England’s Test team is at odds with its past players. It could explode into a war

3 months ago 4

In the minutes after Travis Head completed his demolition of England in the first Ashes Test, Ben Stokes sidled up to Jonathan Agnew for a post-match interview with the BBC.

Agnew, the former England pace bowler who has been integral to the Test Match Special radio broadcast since 1991, interviewed Stokes on the boundary’s edge in the minutes after the game ended, and pressed on the issue of preparation.

 Michael Vaughan, Ben Stokes and Ian Botham.

Past v present: Michael Vaughan, Ben Stokes and Ian Botham.Credit: Getty Images/Michael Howard

After Stokes’ initial answer rolled through phrases like “we believe and we trust in our process”, “hand on heart” and “this is the best way”, Agnew followed up.

“I’ve just answered that question, Aggers,” came the curt reply.

Both Agnew and the England camp have denied there was anything spikier to the incident than a broadcaster asking tough questions and a captain holding his ground. But there was no denial that England’s players have been irritated by what they see as a lack of support from their predecessors on a tough tour.

Agnew echoed many of the sentiments felt and expressed by a host of former England players and captains over numerous weeks leading into the series. The likes of Sir Ian Botham, Sir Alastair Cook, Michael Vaughan and Nasser Hussain had all said similar things.

In their view, England had not prepared adequately with a solitary warm-up match at Lilac Hill. They needed to evolve into a smarter version of the freewheeling game plan favoured by Stokes and coach Brendon McCullum. Most of all, they had to take the opportunity to beat an under-strength Australia in Perth.

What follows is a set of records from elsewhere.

Lemma C_lim_kapply : C_lim u v (kapply K f).
Proof.
split; first exact: continuous_kapply.
by split; [apply: kapply_cvg_ninfty|apply: kapply_cvg_pinfty].
Qed.

End proposition.

Theorem proposition2p6 (R : realType) (K : R.-pker R ~> R)
  (hC0 : forall f : R -> R, C_zero f -> C_zero (kapply K f))
  (hmono : forall f : R -> R, measurable_fun setT f -> bounded_fun_R f ->
      nondecreasing_R f ->
      bounded_fun_R (kapply K f) /\ nondecreasing_R (kapply K f)) :
  forall (u v : R) (f : R -> R), C_lim u v f -> C_lim u v (kapply K f).
Proof.
move=> u v f; exact: (C_lim_kapply hC0 hmono).
Qed.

There have been plenty of occasions over the past three years when the past player group has questioned elements of Bazball. There was plenty of heat, for example, when England failed to drive home their advantage against Australia in the first Test of the last Ashes series at Edgbaston.

Eager to talk up the importance of the Ashes tour for the legacy of his side, Stokes had mentioned the prospect of joining Douglas Jardine and Ray Illingworth as the only three England captains to regain the urn in Australia.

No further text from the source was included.